I felt down my legs, realizing my skis were still intact. That may be useful. Then I remembered the belt around my waste that contained water, some survival-type bars of food, and above all, a thermal sheet that folded up as small as a handkerchief but would open out to completely wrap around my body for further warmth.
Technology is great!
I sat there, trying to think what to do. Should I try to dig? How much snow was overhead? If I tried to dig, would I have more of the stuff pouring in on top of me? Should I holler? Would the noise move the snow? If I did nothing, I might never be found. The dogs that are trained for this kind of thing are amazing, but if the snow was deep enough. . . .
Well, I’m not a do-nothing person. If I was going to die under here, I was going to fight like crazy. So I thought through all the possibilities, the equipment I had, how I could use it.
With very little room to maneuver, I removed both skis. The front ends were sharp. I couldn’t find my poles, assumed they had gone flying when the avalanche hit. Checked out my water to make sure it was still where it needed to be. Decided to eat nothing yet, wait until cold or hunger got the better of me.

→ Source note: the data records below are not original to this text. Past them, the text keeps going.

(* Let $m>3$ be such that a Steiner triple system $\mathrm{STS}(\mathcal M)$ on $\mathcal M$ exists. Then the hypergraph PIN model on $\mathcal H_{\mathrm{STS}}=(\mathcal M,\mathrm{STS}(\mathcal M))$ is strict Type $\mathcal S$.
   Context: Let $\mathcal M=\{1,\dots,m\}$. A Steiner triple system $\mathrm{STS}(\mathcal M)$ is a collection of 3-element subsets of $\mathcal M$ such that every 2-element subset of $\mathcal M$ is contained in exactly one member of the collection. A hypergraph PIN model on $\mathcal H=(\mathcal M,\mathcal E)$ is defined as follows. Let $\mathcal E^{(n)}$ contain $n$ copies of each hyperedge. Independent Bernoulli(1/2) variables $\xi_e$ are attached to the $e\in\mathcal E^{(n)}$, and $X^n_i=(\xi_e:e\in\mathcal E^{(n)},\ i\in e)$; the single-letter source $X_{\mathcal M}$ is the case $n=1$. Entropies are base 2. $\Delta(\mathcal P)=\frac1{|\mathcal P|-1}[\sum_{A\in\mathcal P}H(X_A)-H(X_{\mathcal M})]$ for partitions with at least 2 cells, where $X_A=(X_i:i\in A)$. The source is strict Type $\mathcal S$ if the singleton partition $\{\{1\},\dots,\{m\}\}$ is the unique minimizer of $\Delta$. *)

From mathcomp Require Import all_boot.
From Stdlib Require Import Reals.
Set Implicit Arguments. Unset Strict Implicit. Unset Printing Implicit Defensive.

Definition is_STS (m : nat) (S : {set {set 'I_m}}) : Prop :=
  (forall B, B \in S -> #|B| = 3) /\
  (forall x y : 'I_m, x != y -> #|[set B in S | (x \in B) && (y \in B)]| = 1).

Definition edge_t (m : nat) (E : {set {set 'I_m}}) := {e : {set 'I_m} | e \in E}.

(* Sample space of the single-letter (n = 1) PIN source: one bit xi_e per
   hyperedge; the xi_e are i.i.d. Bernoulli(1/2), i.e. the uniform
   distribution on this finite type. *)
Definition omega (m : nat) (E : {set {set 'I_m}}) := {ffun edge_t E -> bool}.

(* X_A = (X_i : i in A), X_i = (xi_e : i in e), encoded as the finite function
   (i, e) |-> xi_e if i \in A and i \in e, and false (a fixed filler) otherwise. *)
Definition X_A (m : nat) (E : {set {set 'I_m}}) (A : {set 'I_m}) (w : omega E)
  : {ffun 'I_m * edge_t E -> bool} :=
  [ffun ie : 'I_m * edge_t E =>
     if (ie.1 \in A) && (ie.1 \in val ie.2) then w ie.2 else false].

Local Open Scope R_scope.

Definition log2 (x : R) : R := ln x / ln 2.

Definition prob_uniform (Om T : finType) (f : Om -> T) (t : T) : R :=
  INR #|[set w : Om | f w == t]| / INR #|Om|.

Definition entropy (Om T : finType) (f : Om -> T) : R :=
  - \big[Rplus/0]_(t : T)
      (if Req_EM_T (prob_uniform f t) 0 then 0
       else prob_uniform f t * log2 (prob_uniform f t)).

Definition H_PIN (m : nat) (E : {set {set 'I_m}}) (A : {set 'I_m}) : R :=
  entropy (X_A (E := E) A).

Definition Delta (m : nat) (E : {set {set 'I_m}}) (P : {set {set 'I_m}}) : R :=
  (\big[Rplus/0]_(A in P) H_PIN E A - H_PIN E [set: 'I_m])
    / (INR #|P| - 1).

Definition admissible (m : nat) (P : {set {set 'I_m}}) : Prop :=
  partition P [set: 'I_m] /\ (2 <= #|P|)%nat.

Definition singleton_partition (m : nat) : {set {set 'I_m}} :=
  [set [set i] | i : 'I_m].

Definition strict_typeS (m : nat) (E : {set {set 'I_m}}) : Prop :=
  admissible (singleton_partition m) /\
  forall P : {set {set 'I_m}}, admissible P -> P <> singleton_partition m ->
    Delta E (singleton_partition m) < Delta E P.

(* In the PIN model the bits attached to the hyperedges are independent and fair,
   so H(X_A) is the number of hyperedges meeting A.  For the singleton partition
   this gives Delta = (3 |S| - |S|) / (m - 1) = m / 3.  A partition P with k parts
   splits every block of the Steiner system as 3, 2+1 or 1+1+1; weighting these
   splits and double counting gives 10 |S| <= 4 T + s and 6 |S| <= 2 T + s, where
   T = sum_(A in P) H(X_A) and s counts the ordered pairs of points inside a part,
   so that s <= (m - k) (m - k + 1).  Together with 6 |S| = m (m - 1) this yields
   Delta(P) > m / 3 whenever 2 <= k < m, and k = m only for the singleton
   partition. *)

From Pilot Require Import Defs.
From Stdlib Require Import Reals Lra Lia.
From HB Require Import structures.
From mathcomp Require Import all_boot zify.
Set Implicit Arguments. Unset Strict Implicit. Unset Printing Implicit Defensive.

Local Open Scope R_scope.

HB.instance Definition _ :=
  Monoid.isComLaw.Build R 0 Rplus (fun a b c => esym (Rplus_assoc a b c))
    Rplus_comm Rplus_0_l.

Lemma big_Rplus_INR (I : finType) (P : pred I) (F : I -> nat) :
  \big[Rplus/0]_(i | P i) INR (F i) = INR (\sum_(i | P i) F i).
Proof. by rewrite (big_morph INR plus_INR (erefl (INR 0))). Qed.

Lemma big_Rplus_const (I : finType) (A : {pred I}) (c : R) :
  \big[Rplus/0]_(i in A) c = INR #|A| * c.
Proof.
rewrite big_const; elim: #|A| => [|n IH]; first by rewrite /=; lra.
by rewrite iterS IH S_INR; lra.
Qed.

Local Close Scope R_scope.

Section UniformFibres.
Variables (Om T : finType) (f : Om -> T) (K : nat).
Hypothesis card_fibre : forall w, #|[set w' | f w' == f w]| = K.

Lemma card_fibre_image t :
  #|[set w | f w == t]| = if t \in f @: setT then K else 0.
Proof.
case: imsetP => [[w _ ->] | t_out]; first exact: card_fibre.
apply/eqP; rewrite cards_eq0; apply/eqP/setP => w; rewrite !inE.
by apply/negbTE/eqP => fw_t; apply: t_out; exists w.
Qed.

Lemma card_uniform_fibres : #|Om| = #|f @: setT| * K.
Proof.
rewrite -[LHS]sum1_card (partition_big f xpredT) //= -sum_nat_const [RHS]big_mkcond.
apply: eq_bigr => t _; rewrite -card_fibre_image -sum1_card.
by apply: eq_bigl => w; rewrite inE.
Qed.

Local Open Scope R_scope.

Lemma entropy_uniform_fibres :
  (0 < #|Om|)%nat -> entropy f = log2 (INR #|f @: setT|).
Proof.
move=> Om_gt0; set N := #|f @: setT|.
have /andP[N_gt0 K_gt0] : ((0 < N) && (0 < K))%nat.
  by rewrite -muln_gt0 -card_uniform_fibres.
have /lt_0_INR N_pos : (0 < N)%coq_nat by apply/ltP.
have /lt_0_INR K_pos : (0 < K)%coq_nat by apply/ltP.
have probE t : prob_uniform f t = if t \in f @: setT then / INR N else 0.
  rewrite /prob_uniform card_fibre_image card_uniform_fibres -/N mult_INR.
  by case: ifP => _; [field; lra | rewrite /Rdiv Rmult_0_l].
have inv_neq0 : / INR N <> 0 by apply: Rinv_neq_0_compat; lra.
rewrite /entropy (eq_bigr (fun t =>
    if t \in f @: setT then / INR N * log2 (/ INR N) else 0)); last first.
  move=> t _; rewrite probE.
  by case: (t \in f @: setT); case: Req_EM_T => // ?; exfalso; auto.
rewrite -big_mkcond big_Rplus_const /log2 ln_Rinv //.
have := ln_lt_2; rewrite -/N => ln2_pos; field; lra.
Qed.

End UniformFibres.

Lemma INR_expn (a d : nat) : INR (a ^ d) = pow (INR a) d.
Proof. by elim: d => [|d IH]; [rewrite expn0 | rewrite expnS mult_INR IH]. Qed.

Definition incident_edges (m : nat) (E : {set {set 'I_m}}) (A : {set 'I_m}) :=
  [set e in E | A :&: e != set0].

Section PINEntropy.
Variables (m : nat) (E : {set {set 'I_m}}) (A : {set 'I_m}).

Let met : {set edge_t E} := [set e | A :&: val e != set0].

Lemma X_A_eq (w w' : omega E) :
  (X_A A w == X_A A w') = [forall e in met, w e == w' e].
Proof.
apply/eqP/forall_inP => [eq_X e | eq_w].
  rewrite inE => /set0Pn[i]; rewrite inE => /andP[iA ie].
  by move/ffunP: eq_X => /(_ (i, e)); rewrite !ffunE /= iA ie /= => ->.
apply/ffunP => -[i e]; rewrite !ffunE /=.
case: ifP => // /andP[iA ie]; apply/eqP/eq_w.
by rewrite inE; apply/set0Pn; exists i; rewrite inE iA.
Qed.

(* Flipping the bits by [w] maps the words vanishing on [met] onto the fibre of [w]. *)
Lemma card_X_A_fibre (w : omega E) :
  #|[set w' | X_A A w' == X_A A w]| = 2 ^ #|~: met|.
Proof.
pose flip (u : omega E) : omega E := [ffun e => u e (+) w e].
have flip_inj : injective flip.
  move=> u u' /ffunP eq_uu'; apply/ffunP => e.
  by move: (eq_uu' e); rewrite !ffunE; case: (u e) (u' e) (w e) => [] [] [].
have -> : [set w' | X_A A w' == X_A A w] = flip @: pffun_on false (~: met) predT.
  apply/setP => v; rewrite inE X_A_eq; apply/forall_inP/imsetP.
    move=> agree; exists (flip v); last first.
      by apply/ffunP => e; rewrite !ffunE; case: (v e) (w e) => [] [].
    apply/pffun_onP; split=> //; apply/subsetP => e; rewrite !inE ffunE.
    by apply: contra => e_met; rewrite (eqP (agree e _)) ?addbb // inE.
  move=> [u /pffun_onP[/subsetP u_supp _] ->] e e_met; rewrite ffunE.
  have : e \notin false.-support u by apply: contraL e_met => /u_supp; rewrite in_setC.
  by rewrite inE negbK => /eqP ->.
by rewrite card_imset // card_pffun_on card_bool.
Qed.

Then I started to carefully feel my way around this little cave, poking for any soft spot that may indicate a good place to start digging.
This was NOT impossible! There would be people out looking for others like me, and they had dogs and equipment. The thought of hot coffee, hot soup, a warm bed and heaps of blankets stimulated me to keep trying.
Others had survived in similar circumstances. So would I.